═════ EXERCISE INPUT

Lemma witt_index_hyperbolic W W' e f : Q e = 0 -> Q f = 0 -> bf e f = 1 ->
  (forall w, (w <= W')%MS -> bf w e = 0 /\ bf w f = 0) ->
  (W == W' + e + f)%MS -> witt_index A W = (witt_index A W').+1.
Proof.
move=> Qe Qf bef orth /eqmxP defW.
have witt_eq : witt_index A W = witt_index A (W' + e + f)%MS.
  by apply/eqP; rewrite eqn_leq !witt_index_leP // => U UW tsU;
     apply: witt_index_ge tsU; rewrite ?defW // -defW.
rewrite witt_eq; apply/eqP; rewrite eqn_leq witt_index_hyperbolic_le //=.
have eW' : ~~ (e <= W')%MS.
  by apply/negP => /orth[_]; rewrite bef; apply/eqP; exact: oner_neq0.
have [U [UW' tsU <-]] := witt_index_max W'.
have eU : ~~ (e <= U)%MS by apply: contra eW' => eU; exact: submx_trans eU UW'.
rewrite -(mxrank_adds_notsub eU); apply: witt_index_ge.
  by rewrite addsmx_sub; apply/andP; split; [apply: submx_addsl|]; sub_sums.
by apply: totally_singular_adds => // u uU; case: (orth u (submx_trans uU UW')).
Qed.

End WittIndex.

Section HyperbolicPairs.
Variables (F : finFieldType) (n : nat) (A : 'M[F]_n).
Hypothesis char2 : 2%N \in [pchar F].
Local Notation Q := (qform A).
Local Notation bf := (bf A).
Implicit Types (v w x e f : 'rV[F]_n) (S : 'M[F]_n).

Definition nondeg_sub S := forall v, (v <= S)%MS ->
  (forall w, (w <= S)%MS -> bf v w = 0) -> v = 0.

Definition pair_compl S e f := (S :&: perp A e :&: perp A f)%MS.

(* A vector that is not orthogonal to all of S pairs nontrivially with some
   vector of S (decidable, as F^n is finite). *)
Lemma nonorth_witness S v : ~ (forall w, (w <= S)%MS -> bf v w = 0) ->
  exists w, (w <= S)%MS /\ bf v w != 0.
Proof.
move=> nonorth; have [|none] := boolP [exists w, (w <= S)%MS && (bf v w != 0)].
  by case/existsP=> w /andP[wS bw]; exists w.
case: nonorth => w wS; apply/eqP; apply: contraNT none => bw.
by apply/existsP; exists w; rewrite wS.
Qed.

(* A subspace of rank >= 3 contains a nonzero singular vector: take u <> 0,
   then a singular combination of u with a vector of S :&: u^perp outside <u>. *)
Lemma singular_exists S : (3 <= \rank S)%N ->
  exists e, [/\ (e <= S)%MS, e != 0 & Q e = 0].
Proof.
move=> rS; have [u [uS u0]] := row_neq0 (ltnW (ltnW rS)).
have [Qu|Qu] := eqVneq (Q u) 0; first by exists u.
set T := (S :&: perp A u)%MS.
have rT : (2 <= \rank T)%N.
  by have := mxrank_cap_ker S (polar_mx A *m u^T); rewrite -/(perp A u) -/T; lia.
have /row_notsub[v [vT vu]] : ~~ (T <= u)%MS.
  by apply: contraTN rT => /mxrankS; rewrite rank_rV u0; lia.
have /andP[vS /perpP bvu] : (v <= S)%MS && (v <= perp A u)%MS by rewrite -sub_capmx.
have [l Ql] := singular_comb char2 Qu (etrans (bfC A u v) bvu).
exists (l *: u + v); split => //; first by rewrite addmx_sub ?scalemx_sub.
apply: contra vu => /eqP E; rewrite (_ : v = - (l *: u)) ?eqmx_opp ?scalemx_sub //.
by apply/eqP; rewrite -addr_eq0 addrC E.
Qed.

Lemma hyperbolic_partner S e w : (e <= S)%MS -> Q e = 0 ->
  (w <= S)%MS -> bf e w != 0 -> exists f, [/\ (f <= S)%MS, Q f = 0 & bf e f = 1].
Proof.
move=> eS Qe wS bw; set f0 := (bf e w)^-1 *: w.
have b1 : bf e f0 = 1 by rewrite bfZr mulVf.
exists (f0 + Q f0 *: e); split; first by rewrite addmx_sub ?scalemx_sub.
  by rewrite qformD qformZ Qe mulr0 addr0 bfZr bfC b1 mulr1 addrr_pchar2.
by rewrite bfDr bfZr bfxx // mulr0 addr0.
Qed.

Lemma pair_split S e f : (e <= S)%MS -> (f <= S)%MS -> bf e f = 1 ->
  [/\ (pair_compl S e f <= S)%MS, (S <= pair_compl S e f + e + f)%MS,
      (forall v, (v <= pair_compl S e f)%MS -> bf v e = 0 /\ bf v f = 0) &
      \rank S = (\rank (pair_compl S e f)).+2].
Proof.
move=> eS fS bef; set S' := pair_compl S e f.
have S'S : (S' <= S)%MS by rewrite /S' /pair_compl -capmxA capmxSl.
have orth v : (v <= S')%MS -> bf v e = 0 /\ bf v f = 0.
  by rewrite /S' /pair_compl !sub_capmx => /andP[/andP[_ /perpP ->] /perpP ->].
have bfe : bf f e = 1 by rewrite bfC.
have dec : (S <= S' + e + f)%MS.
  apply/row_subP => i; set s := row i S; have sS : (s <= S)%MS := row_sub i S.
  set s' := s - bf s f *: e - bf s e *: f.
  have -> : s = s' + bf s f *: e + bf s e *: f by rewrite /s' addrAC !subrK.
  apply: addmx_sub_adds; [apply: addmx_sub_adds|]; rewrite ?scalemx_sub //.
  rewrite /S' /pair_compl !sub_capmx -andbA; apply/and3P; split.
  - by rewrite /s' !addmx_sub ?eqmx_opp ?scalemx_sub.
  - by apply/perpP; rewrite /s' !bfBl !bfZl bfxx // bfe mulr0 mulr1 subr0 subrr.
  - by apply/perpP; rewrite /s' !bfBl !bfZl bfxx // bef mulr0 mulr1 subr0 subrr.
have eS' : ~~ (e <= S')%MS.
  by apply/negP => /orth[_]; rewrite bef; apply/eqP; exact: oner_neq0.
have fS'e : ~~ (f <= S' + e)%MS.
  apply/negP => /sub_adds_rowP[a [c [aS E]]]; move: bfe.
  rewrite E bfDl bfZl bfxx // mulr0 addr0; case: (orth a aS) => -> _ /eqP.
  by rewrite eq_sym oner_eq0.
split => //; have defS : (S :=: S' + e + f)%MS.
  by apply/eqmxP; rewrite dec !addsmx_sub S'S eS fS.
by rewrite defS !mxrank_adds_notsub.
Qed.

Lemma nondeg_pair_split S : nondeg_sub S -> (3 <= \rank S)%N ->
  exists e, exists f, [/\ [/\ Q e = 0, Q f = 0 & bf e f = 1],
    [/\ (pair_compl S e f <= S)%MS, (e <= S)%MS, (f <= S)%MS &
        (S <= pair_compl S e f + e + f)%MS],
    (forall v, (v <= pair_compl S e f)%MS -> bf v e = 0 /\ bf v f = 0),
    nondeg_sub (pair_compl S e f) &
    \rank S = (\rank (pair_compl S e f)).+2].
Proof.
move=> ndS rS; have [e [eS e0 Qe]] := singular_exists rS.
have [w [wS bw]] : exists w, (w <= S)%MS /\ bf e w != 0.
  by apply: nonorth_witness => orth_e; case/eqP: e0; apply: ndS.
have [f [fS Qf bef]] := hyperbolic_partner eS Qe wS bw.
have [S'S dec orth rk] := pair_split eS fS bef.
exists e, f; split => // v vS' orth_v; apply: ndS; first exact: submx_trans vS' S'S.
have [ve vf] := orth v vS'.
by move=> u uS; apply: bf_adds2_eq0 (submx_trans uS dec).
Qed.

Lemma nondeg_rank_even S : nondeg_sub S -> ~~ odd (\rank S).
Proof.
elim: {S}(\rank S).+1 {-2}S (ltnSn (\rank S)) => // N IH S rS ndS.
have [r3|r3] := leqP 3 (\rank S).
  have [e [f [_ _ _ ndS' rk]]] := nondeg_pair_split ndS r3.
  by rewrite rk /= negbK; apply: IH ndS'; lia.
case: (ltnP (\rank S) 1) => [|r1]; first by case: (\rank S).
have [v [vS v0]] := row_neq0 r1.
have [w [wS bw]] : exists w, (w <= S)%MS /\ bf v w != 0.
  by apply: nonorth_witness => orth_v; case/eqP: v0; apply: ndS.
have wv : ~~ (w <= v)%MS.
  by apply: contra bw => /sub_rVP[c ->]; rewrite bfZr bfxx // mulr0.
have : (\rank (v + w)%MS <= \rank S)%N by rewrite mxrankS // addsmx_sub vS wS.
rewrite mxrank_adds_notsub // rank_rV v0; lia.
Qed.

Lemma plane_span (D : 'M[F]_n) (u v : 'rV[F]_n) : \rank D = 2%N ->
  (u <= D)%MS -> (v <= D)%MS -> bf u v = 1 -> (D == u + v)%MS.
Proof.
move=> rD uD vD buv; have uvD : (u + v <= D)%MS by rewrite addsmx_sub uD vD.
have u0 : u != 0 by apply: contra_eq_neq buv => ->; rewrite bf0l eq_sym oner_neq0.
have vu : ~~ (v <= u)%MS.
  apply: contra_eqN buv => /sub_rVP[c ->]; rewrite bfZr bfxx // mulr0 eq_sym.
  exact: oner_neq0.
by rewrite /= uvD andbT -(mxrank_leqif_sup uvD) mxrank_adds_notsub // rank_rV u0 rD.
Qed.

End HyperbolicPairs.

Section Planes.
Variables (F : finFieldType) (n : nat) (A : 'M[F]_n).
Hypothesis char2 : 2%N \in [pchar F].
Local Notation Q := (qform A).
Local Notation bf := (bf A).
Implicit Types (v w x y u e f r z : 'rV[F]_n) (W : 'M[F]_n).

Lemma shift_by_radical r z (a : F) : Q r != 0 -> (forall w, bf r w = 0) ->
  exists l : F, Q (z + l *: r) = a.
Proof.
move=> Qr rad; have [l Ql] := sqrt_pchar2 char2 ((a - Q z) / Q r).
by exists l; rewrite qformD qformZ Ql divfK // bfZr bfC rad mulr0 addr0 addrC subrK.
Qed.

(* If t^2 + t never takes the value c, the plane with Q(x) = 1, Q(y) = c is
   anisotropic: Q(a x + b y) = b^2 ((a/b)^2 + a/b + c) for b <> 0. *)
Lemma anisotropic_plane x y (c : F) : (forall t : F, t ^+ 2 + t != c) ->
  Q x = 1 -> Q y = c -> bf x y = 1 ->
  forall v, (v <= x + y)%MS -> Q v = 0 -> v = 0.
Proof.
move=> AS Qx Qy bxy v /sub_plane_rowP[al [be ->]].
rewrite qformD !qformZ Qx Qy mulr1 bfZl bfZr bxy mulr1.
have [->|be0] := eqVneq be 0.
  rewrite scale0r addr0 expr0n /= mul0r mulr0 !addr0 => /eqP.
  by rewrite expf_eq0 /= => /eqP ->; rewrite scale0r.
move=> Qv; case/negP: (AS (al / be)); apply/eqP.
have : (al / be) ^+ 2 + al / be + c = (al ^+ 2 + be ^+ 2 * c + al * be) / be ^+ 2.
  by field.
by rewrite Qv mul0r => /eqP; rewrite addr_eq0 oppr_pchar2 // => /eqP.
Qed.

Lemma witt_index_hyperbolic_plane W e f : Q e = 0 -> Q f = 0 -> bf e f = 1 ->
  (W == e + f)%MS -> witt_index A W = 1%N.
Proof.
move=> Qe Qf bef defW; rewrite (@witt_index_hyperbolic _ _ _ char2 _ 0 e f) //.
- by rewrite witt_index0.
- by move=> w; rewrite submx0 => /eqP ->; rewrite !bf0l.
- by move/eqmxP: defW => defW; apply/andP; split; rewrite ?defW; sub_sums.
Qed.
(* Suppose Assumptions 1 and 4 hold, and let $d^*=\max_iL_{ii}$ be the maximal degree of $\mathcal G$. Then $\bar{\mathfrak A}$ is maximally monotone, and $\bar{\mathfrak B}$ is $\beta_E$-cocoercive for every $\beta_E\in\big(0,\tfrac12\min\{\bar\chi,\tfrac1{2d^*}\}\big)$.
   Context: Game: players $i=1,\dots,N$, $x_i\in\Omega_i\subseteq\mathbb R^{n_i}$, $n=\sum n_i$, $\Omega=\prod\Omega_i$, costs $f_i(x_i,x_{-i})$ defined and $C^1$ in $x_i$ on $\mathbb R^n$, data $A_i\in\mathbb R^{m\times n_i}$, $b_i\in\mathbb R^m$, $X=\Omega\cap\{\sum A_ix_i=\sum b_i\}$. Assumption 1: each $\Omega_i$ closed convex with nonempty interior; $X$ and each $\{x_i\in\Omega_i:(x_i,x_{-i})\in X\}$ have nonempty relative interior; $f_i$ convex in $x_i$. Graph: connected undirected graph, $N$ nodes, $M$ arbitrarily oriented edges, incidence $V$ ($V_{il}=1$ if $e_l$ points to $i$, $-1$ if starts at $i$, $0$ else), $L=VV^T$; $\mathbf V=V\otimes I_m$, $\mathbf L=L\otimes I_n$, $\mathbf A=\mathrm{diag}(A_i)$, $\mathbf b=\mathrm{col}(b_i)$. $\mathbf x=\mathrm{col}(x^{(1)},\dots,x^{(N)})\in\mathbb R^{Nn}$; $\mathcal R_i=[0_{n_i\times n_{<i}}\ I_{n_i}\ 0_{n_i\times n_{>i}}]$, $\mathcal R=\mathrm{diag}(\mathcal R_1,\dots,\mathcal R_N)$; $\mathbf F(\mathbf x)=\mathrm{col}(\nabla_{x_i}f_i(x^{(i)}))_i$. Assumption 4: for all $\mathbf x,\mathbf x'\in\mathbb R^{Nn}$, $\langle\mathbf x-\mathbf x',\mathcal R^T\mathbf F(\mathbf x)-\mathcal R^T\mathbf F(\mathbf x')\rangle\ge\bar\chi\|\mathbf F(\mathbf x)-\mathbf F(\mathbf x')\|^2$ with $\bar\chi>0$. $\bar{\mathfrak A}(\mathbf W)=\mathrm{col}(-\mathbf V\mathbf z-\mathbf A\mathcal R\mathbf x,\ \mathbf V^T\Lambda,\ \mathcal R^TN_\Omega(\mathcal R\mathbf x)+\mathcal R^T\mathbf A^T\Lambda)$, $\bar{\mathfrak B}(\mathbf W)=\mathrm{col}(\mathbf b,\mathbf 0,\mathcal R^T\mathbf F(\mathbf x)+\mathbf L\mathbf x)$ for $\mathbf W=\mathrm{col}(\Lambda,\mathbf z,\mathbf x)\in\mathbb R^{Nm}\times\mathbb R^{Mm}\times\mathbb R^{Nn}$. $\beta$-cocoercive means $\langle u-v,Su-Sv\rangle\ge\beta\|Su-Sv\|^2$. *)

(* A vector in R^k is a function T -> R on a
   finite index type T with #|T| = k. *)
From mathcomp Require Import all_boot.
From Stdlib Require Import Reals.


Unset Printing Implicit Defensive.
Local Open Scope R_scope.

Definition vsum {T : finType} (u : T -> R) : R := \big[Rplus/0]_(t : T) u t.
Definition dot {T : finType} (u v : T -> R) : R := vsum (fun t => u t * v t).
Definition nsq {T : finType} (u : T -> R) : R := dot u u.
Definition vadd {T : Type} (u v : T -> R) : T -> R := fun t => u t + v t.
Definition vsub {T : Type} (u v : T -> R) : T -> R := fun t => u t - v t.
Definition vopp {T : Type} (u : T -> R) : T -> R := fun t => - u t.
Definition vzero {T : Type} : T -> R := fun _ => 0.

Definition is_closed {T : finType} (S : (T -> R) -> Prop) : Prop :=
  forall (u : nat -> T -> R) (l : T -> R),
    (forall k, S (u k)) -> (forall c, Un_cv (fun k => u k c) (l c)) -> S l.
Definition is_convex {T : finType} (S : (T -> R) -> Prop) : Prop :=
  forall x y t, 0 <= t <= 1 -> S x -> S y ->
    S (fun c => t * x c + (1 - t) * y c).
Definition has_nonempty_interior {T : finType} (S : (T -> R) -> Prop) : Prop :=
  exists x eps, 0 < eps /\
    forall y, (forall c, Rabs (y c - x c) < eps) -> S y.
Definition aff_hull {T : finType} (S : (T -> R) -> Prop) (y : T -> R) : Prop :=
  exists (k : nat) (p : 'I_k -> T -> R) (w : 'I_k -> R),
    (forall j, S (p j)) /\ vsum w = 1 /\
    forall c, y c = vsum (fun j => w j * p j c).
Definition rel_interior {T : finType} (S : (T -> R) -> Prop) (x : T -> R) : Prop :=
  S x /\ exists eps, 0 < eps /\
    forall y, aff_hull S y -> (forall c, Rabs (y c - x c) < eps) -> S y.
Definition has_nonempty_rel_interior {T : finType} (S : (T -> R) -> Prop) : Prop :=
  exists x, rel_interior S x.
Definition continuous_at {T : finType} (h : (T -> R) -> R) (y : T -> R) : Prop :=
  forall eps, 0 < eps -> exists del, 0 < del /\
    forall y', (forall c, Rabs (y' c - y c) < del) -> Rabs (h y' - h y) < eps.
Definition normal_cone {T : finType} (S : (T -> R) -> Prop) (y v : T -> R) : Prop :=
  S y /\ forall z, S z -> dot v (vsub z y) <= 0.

══════════

__WHAT YOU HAVE TO DO__
In the entries above, the lines from the one bearing "(* A vector that" up to and including the one bearing "have [Qu|Qu] := eqVneq" should be transcribed exactly; no other line is wanted.

__RESULT OF THIS TASK__
(* A vector that is not orthogonal to all of S pairs nontrivially with some
   vector of S (decidable, as F^n is finite). *)
Lemma nonorth_witness S v : ~ (forall w, (w <= S)%MS -> bf v w = 0) ->
  exists w, (w <= S)%MS /\ bf v w != 0.
Proof.
move=> nonorth; have [|none] := boolP [exists w, (w <= S)%MS && (bf v w != 0)].
  by case/existsP=> w /andP[wS bw]; exists w.
case: nonorth => w wS; apply/eqP; apply: contraNT none => bw.
by apply/existsP; exists w; rewrite wS.
Qed.

(* A subspace of rank >= 3 contains a nonzero singular vector: take u <> 0,
   then a singular combination of u with a vector of S :&: u^perp outside <u>. *)
Lemma singular_exists S : (3 <= \rank S)%N ->
  exists e, [/\ (e <= S)%MS, e != 0 & Q e = 0].
Proof.
move=> rS; have [u [uS u0]] := row_neq0 (ltnW (ltnW rS)).
have [Qu|Qu] := eqVneq (Q u) 0; first by exists u.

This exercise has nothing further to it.